Said Nursi lived between the years 1877 and 1960. He was widely versed in the sciences of both East and West, and was able to solve the most complex problems. Thus it was that he was given the name of Bediuzzaman (Wonder of the Age). He deemed the most severe disease afflict­ing man in the present age in his search for true happiness to be weakness of belief in God, and diagnosed the source of this disease as being the tendency to regard the modem sciences and religious science as separate and irreconcilable entities. Since man is, in reality, a being com­posed of both matter and spirit, to consider exis­tence from the viewpoint of only one of this pair  can yield no result other than an intensification of the crisis into which man has fallen.

Moreover, knowledge of modern science pro­duces effects and results already in this world, while the fruits of religious science are to be enjoyed mostly in the Hereafter; this fact, together with the marvels of modern science, has resulted in a preponderance of knowledge of that kind in the rationally-inclined West. Unfortunately, mod­em science has remained totaly incapable of find­ing a remedy for the spiritual wounds of mankind, despite all its brilliance.

Confronted by this situation, as a man of science appreciating the necessity for a reconcilia­tion between religion and modern science, Bediuzzaman examined the foundations of faith in a fashion suited to the mind of the age and in so doing produced the six-thousand-page work known as the Risale-i Nur.

Belief in God and the other pillars of belief and religion are examined in his works in a manner different to that employed by other religious scholars.

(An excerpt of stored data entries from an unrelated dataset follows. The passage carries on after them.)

(** Since W^m is doubly stochastic, the tracking recursion preserves averages,
    so the average of g^k is the average of the local gradients at the x_i^k;
    by L1-Lipschitz continuity it differs from grad F at the average of x^k by
    at most L1/sqrt n times the consensus error of x^k, which gives the first
    bound once g^k is split into its consensus error and its average.
    For the second, W^m fixes consensus vectors, so
    x^{k+1} - x^k = W^m (x^k - W^oo x^k) - (x^k - W^oo x^k) - alpha W^m d^k;
    W^m is a contraction for the stacked norm, and M1 I <= H_i^k + M I gives
    M1 |d^k| <= |g^k + r^k| <= 2 |g^k|. *)

From HB Require Import structures.
From mathcomp Require Import all_boot all_order all_algebra.
From mathcomp Require Import all_classical all_reals all_analysis.
From mathcomp Require Import ring lra.
Import Order.TTheory GRing.Theory Num.Theory.
Import numFieldNormedType.Exports.
Local Open Scope classical_set_scope.
Local Open Scope ring_scope.

Set Implicit Arguments.
Unset Strict Implicit.

Section FiniteL2.
Variables (R : realType) (I : finType).
Implicit Types (u v : I -> R).

Definition l2norm u : R := Num.sqrt (\sum_i u i ^+ 2).

Lemma l2norm_ge0 u : 0 <= l2norm u.
Proof. exact: sqrtr_ge0. Qed.

Lemma sqr_l2norm u : l2norm u ^+ 2 = \sum_i u i ^+ 2.
Proof. by rewrite sqr_sqrtr // sumr_ge0 // => i _; rewrite sqr_ge0. Qed.

Lemma lagrange_identity u v :
  \sum_i \sum_j (u i * v j - u j * v i) ^+ 2 =
  2 * ((\sum_i u i ^+ 2) * (\sum_j v j ^+ 2) - (\sum_i u i * v i) ^+ 2).
Proof.
have expand i j : (u i * v j - u j * v i) ^+ 2 =
  u i ^+ 2 * v j ^+ 2 + u j ^+ 2 * v i ^+ 2 - 2 * (u i * v i * (u j * v j)).
  by ring.
under eq_bigr => i _ do under eq_bigr => j _ do rewrite expand.
under eq_bigr do rewrite sumrB big_split.
rewrite sumrB big_split [X in _ + X - _]exchange_big /=.
rewrite expr2 !big_distrlr /=.
under [X in _ - X = _]eq_bigr do rewrite -mulr_sumr.
by rewrite -mulr_sumr; ring.
Qed.

Lemma cauchy_schwarz u v : \sum_i u i * v i <= l2norm u * l2norm v.
Proof.
have lag : (\sum_i u i * v i) ^+ 2 <= (\sum_i u i ^+ 2) * (\sum_i v i ^+ 2).
  rewrite -subr_ge0 -(pmulr_rge0 _ (ltr0Sn _ 1)) -lagrange_identity.
  by do 2!(apply: sumr_ge0 => ? _); apply: sqr_ge0.
rewrite -sqrtrM ?sumr_ge0 // => [|i _]; last exact: sqr_ge0.
by rewrite (le_trans (ler_norm _)) // -sqrtr_sqr ler_wsqrtr.
Qed.

Lemma l2norm_le u v : (forall i, 0 <= u i <= v i) -> l2norm u <= l2norm v.
Proof.
move=> uv; rewrite ler_wsqrtr // ler_sum // => i _.
by have /andP[u0 le_uv] := uv i; rewrite lerXn2r // nnegrE (le_trans u0).
Qed.

Lemma l2normD u v : l2norm (fun i => u i + v i) <= l2norm u + l2norm v.
Proof.
rewrite -[X in _ <= X]ger0_norm ?addr_ge0 ?l2norm_ge0 // -sqrtr_sqr ler_wsqrtr //.
have := cauchy_schwarz u v; rewrite sqrrD !sqr_l2norm => cs.
under eq_bigr do rewrite sqrrD.
by rewrite !big_split /=; lra.
Qed.

Lemma l2normZ c u : l2norm (fun i => c * u i) = `|c| * l2norm u.
Proof.
rewrite /l2norm; under eq_bigr do rewrite exprMn.
by rewrite -mulr_sumr sqrtrM ?sqr_ge0 // sqrtr_sqr.
Qed.

Lemma sum_le_l2norm u : \sum_i u i <= Num.sqrt #|I|%:R * l2norm u.
Proof.
have := cauchy_schwarz (fun _ => 1) u.
by rewrite /l2norm expr1n sumr_const; under eq_bigr do rewrite mul1r.
Qed.

Lemma sqr_convex_comb (P m : I -> R) :
  (forall i, 0 <= P i) -> \sum_i P i = 1 ->
  (\sum_i P i * m i) ^+ 2 <= \sum_i P i * m i ^+ 2.
Proof.
move=> P_ge0 P_sum1.
have var_eq c : \sum_i P i * (m i - c) ^+ 2 =
    \sum_i P i * m i ^+ 2 - 2 * c * (\sum_i P i * m i) + c ^+ 2 * \sum_i P i.
  rewrite !mulr_sumr -sumrB -big_split /=; apply: eq_bigr => i _; ring.
have := var_eq (\sum_i P i * m i); rewrite P_sum1.
have : 0 <= \sum_i P i * (m i - \sum_i P i * m i) ^+ 2.
  by apply: sumr_ge0 => i _; rewrite mulr_ge0 ?sqr_ge0.
lra.
Qed.

End FiniteL2.

Section StackedNorms.
Variable R : realType.

Lemma mnormE p q (A : 'M[R]_(p, q)) :
  mnorm A = l2norm (fun t : 'I_p * 'I_q => A t.1 t.2).
Proof. by rewrite /mnorm /l2norm pair_big. Qed.

Lemma mnorm_col p (v : 'cV[R]_p) : mnorm v = l2norm (fun a => v a 0).
Proof. by rewrite /mnorm /l2norm; under eq_bigr do rewrite big_ord1. Qed.

Lemma mnorm_ge0 p q (A : 'M[R]_(p, q)) : 0 <= mnorm A.
Proof. exact: sqrtr_ge0. Qed.

Lemma mnormD p q (A B : 'M[R]_(p, q)) : mnorm (A + B) <= mnorm A + mnorm B.
Proof.
by rewrite !mnormE; under eq_fun do rewrite mxE; apply: l2normD.
Qed.

Lemma mnormZ p q (c : R) (A : 'M[R]_(p, q)) : mnorm (c *: A) = `|c| * mnorm A.
Proof. by rewrite !mnormE -l2normZ; under eq_fun do rewrite mxE. Qed.

Lemma mnormN p q (A : 'M[R]_(p, q)) : mnorm (- A) = mnorm A.
Proof. by rewrite -scaleN1r mnormZ normrN normr1 mul1r. Qed.

Lemma mnorm0 p q : mnorm (0 : 'M[R]_(p, q)) = 0.
Proof. by rewrite -(scale0r 0) mnormZ normr0 mul0r. Qed.

Lemma mnorm_sum p q (I : Type) (r : seq I) (P : pred I) (F : I -> 'M[R]_(p, q)) :
  mnorm (\sum_(i <- r | P i) F i) <= \sum_(i <- r | P i) mnorm (F i).
Proof.
elim/big_rec2: _ => [|i A a _ IH]; first by rewrite mnorm0.
by rewrite (le_trans (mnormD _ _)) // lerD2l.
Qed.

Lemma snormE n p q (z : 'I_n -> 'M[R]_(p, q)) :
  snorm z = l2norm (fun i => mnorm (z i)).
Proof.
rewrite /snorm /l2norm; congr Num.sqrt; apply: eq_bigr => i _.
by rewrite sqr_sqrtr // sumr_ge0 // => a _; rewrite sumr_ge0 // => b _; rewrite sqr_ge0.
Qed.

Lemma snorm_ge0 n p q (z : 'I_n -> 'M[R]_(p, q)) : 0 <= snorm z.
Proof. exact: sqrtr_ge0. Qed.

Lemma snorm_le n p q p' q' (z : 'I_n -> 'M[R]_(p, q)) (w : 'I_n -> 'M[R]_(p', q'))
    (c : R) :
  0 <= c -> (forall i, mnorm (z i) <= c * mnorm (w i)) -> snorm z <= c * snorm w.
Proof.
move=> c_ge0 zw; rewrite !snormE -(ger0_norm c_ge0) -l2normZ.
by apply: l2norm_le => i; rewrite mnorm_ge0 zw.
Qed.

Lemma snormD n p q (z w : 'I_n -> 'M[R]_(p, q)) :
  snorm (fun i => z i + w i) <= snorm z + snorm w.
Proof.
rewrite !snormE (le_trans _ (l2normD _ _)) // l2norm_le // => i.
by rewrite mnorm_ge0 mnormD.
Qed.

Lemma snormZ n p q (c : R) (z : 'I_n -> 'M[R]_(p, q)) :
  snorm (fun i => c *: z i) = `|c| * snorm z.
Proof.
by rewrite !snormE -[`|c|]normr_id -l2normZ; under eq_fun do rewrite mnormZ.
Qed.

Lemma snormN n p q (z : 'I_n -> 'M[R]_(p, q)) : snorm (fun i => - z i) = snorm z.
Proof. by rewrite !snormE; under eq_fun do rewrite mnormN. Qed.

Lemma snorm_cst n p q (A : 'M[R]_(p, q)) :
  snorm (fun _ : 'I_n => A) = Num.sqrt n%:R * mnorm A.
Proof.
rewrite snormE /l2norm sumr_const card_ord -[_ *+ n]mulr_natl sqrtrM ?ler0n //.
by rewrite sqrtr_sqr ger0_norm ?mnorm_ge0.
Qed.

End StackedNorms.

Section Averages.
Variables (R : realType) (n p q : nat).
Implicit Types z w : 'I_n -> 'M[R]_(p, q).

Lemma avgD z w : avg (fun j => z j + w j) = avg z + avg w.
Proof. by rewrite /avg big_split scalerDr. Qed.

Lemma avgB z w : avg (fun j => z j - w j) = avg z - avg w.
Proof. by rewrite /avg sumrB scalerBr. Qed.

Lemma avg_kron (P : 'M[R]_n) z :
  (forall j, \sum_i P i j = 1) -> avg (kron_apply P z) = avg z.
Proof.
move=> P_col; rewrite /avg /kron_apply exchange_big /=; congr (_ *: _).
by apply: eq_bigr => j _; rewrite -scaler_suml P_col scale1r.
Qed.

Lemma avg_tracking (P : 'M[R]_n) (g G : nat -> 'I_n -> 'M[R]_(p, q)) :
  (forall j, \sum_i P i j = 1) -> (forall i, g 0%N i = G 0%N i) ->
  (forall k i, g k.+1 i = kron_apply P (fun j => g k j + G k.+1 j - G k j) i) ->
  forall k, avg (g k) = avg (G k).
Proof.
move=> P_col g0 g_rec; elim=> [|k IH]; first by congr avg; apply: funext.
have -> : g k.+1 = kron_apply P (fun j => g k j + G k.+1 j - G k j).
  by apply: funext => i; rewrite g_rec.
by rewrite avg_kron // avgB avgD IH addrAC subrr add0r.
Qed.

Lemma snorm_le_consdev_avg z :
  snorm z <= snorm (consdev z) + Num.sqrt n%:R * mnorm (avg z).
Proof.
have split_z : z = fun i => consdev z i + Winf z i.
  by apply: funext => i; rewrite subrK.
by rewrite {1}split_z -snorm_cst; apply: snormD.
Qed.

Lemma sqrtn_mnorm_avg_le z : Num.sqrt n%:R * mnorm (avg z) <= snorm z.
Proof.
have [n0|n_gt0] := posnP n.
  by rewrite (_ : n%:R = 0) ?n0 // sqrtr0 mul0r snorm_ge0.
have sum_le : \sum_i mnorm (z i) <= Num.sqrt n%:R * snorm z.
  by rewrite snormE -[n in Num.sqrt n%:R]card_ord sum_le_l2norm.
have inv_n_ge0 : 0 <= n%:R^-1 :> R by rewrite invr_ge0 ler0n.
rewrite /avg mnormZ ger0_norm //.
rewrite (le_trans (ler_wpM2l (sqrtr_ge0 _)
  (ler_wpM2l inv_n_ge0 (le_trans (mnorm_sum _ _ _) sum_le)))) //.
set s := Num.sqrt _; have -> : s * (n%:R^-1 * (s * snorm z)) = s ^+ 2 / n%:R * snorm z.
  by rewrite /s; ring.
by rewrite sqr_sqrtr ?ler0n // mulfV ?mul1r // pnatr_eq0 -lt0n.
Qed.

End Averages.

Lemma avg_lipschitz_le (R : realType) n p q p' q'
    (f : 'I_n -> 'M[R]_(p, q) -> 'M[R]_(p', q')) (L : R) (z : 'I_n -> 'M[R]_(p, q)) :
  0 <= L -> (forall i a, mnorm (f i a - f i (avg z)) <= L * mnorm (a - avg z)) ->
  Num.sqrt n%:R * mnorm (avg (fun i => f i (z i))) <=
  Num.sqrt n%:R * mnorm (avg (fun i => f i (avg z))) + L * snorm (consdev z).
Proof.
move=> L_ge0 f_lip.
have -> : avg (fun i => f i (z i)) =
    avg (fun i => f i (avg z)) + avg (fun i => f i (z i) - f i (avg z)).
  by rewrite avgB addrC subrK.
rewrite (le_trans (ler_wpM2l (sqrtr_ge0 _) (mnormD _ _))) // mulrDr lerD2l.
by rewrite (le_trans (sqrtn_mnorm_avg_le _)) // snorm_le.
Qed.

Section DoublyStochastic.
Variables (R : realType) (n : nat).
Implicit Types P : 'M[R]_n.

Definition doubly_stochastic P :=
  [/\ forall i j, 0 <= P i j, forall i, \sum_j P i j = 1 & forall j, \sum_i P i j = 1].

Lemma doubly_stochastic1 : doubly_stochastic 1.
Proof.
split=> [i j|i|j].
- by rewrite mxE ler0n.
- rewrite (bigD1 i) //= big1 => [|j /negbTE ji]; first by rewrite mxE eqxx addr0.
  by rewrite mxE eq_sym ji.
- rewrite (bigD1 j) //= big1 => [|i /negbTE ij]; first by rewrite mxE eqxx addr0.
  by rewrite mxE ij.
Qed.

Lemma doubly_stochasticM P P' :
  doubly_stochastic P -> doubly_stochastic P' -> doubly_stochastic (P * P').
Proof.
move=> [P_ge0 P_row P_col] [P'_ge0 P'_row P'_col].
have mulE i j : (P * P') i j = \sum_k P i k * P' k j by rewrite -mulmxE mxE.
split=> [i j|i|j].
- by rewrite mulE sumr_ge0 // => k _; rewrite mulr_ge0.
- under eq_bigr do rewrite mulE.
  by rewrite exchange_big /=; under eq_bigr do rewrite -mulr_sumr P'_row mulr1.
- under eq_bigr do rewrite mulE.
  by rewrite exchange_big /=; under eq_bigr do rewrite -mulr_suml P_col mul1r.
Qed.

Lemma doubly_stochasticX P k : doubly_stochastic P -> doubly_stochastic (P ^+ k).
Proof.
move=> P_ds; elim: k => [|k IH]; first exact: doubly_stochastic1.
by rewrite exprS; apply: doubly_stochasticM.
Qed.

Lemma sym_doubly_stochastic P :
  (forall i j, 0 <= P i j) -> P^T = P -> (forall i, \sum_j P i j = 1) ->
  doubly_stochastic P.
Proof.
move=> P_ge0 P_sym P_row; split=> // j; rewrite -(P_row j).
by apply: eq_bigr => i _; rewrite -{1}P_sym mxE.
Qed.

When Bediuzzaman answered the schoolboys who complained that their teachers were not mentioning God to them by telling them to heed the sciences they studied, rather than the teachers who taught them (page 51), he was in fact summarizing the whole significance of his writings in a single sentence. He thus gave great importance to making the matters discussed in the Risale-i Nur comprehensible to every class of peo-

ple, and hence employed the most simple examples when clarifying even the subtle and profound questions of faith.

Students of the Risale-i Nur have undertaken the task of translating the Risale-i Nur into English, and the present book, in 1975 the first to be published, is in the form of an anthology of extracts and was offered as a first sampling. The present edition has been revised with additions. The translators have striven to reproduce the sense of style of the original as closely as pos­sible, and ask their readers to bear in mind that the spirit and the structure of the Ottoman Turkish in which the works are written may differ from what they are accustomed to.

From God is success, and upon Him is our reliance.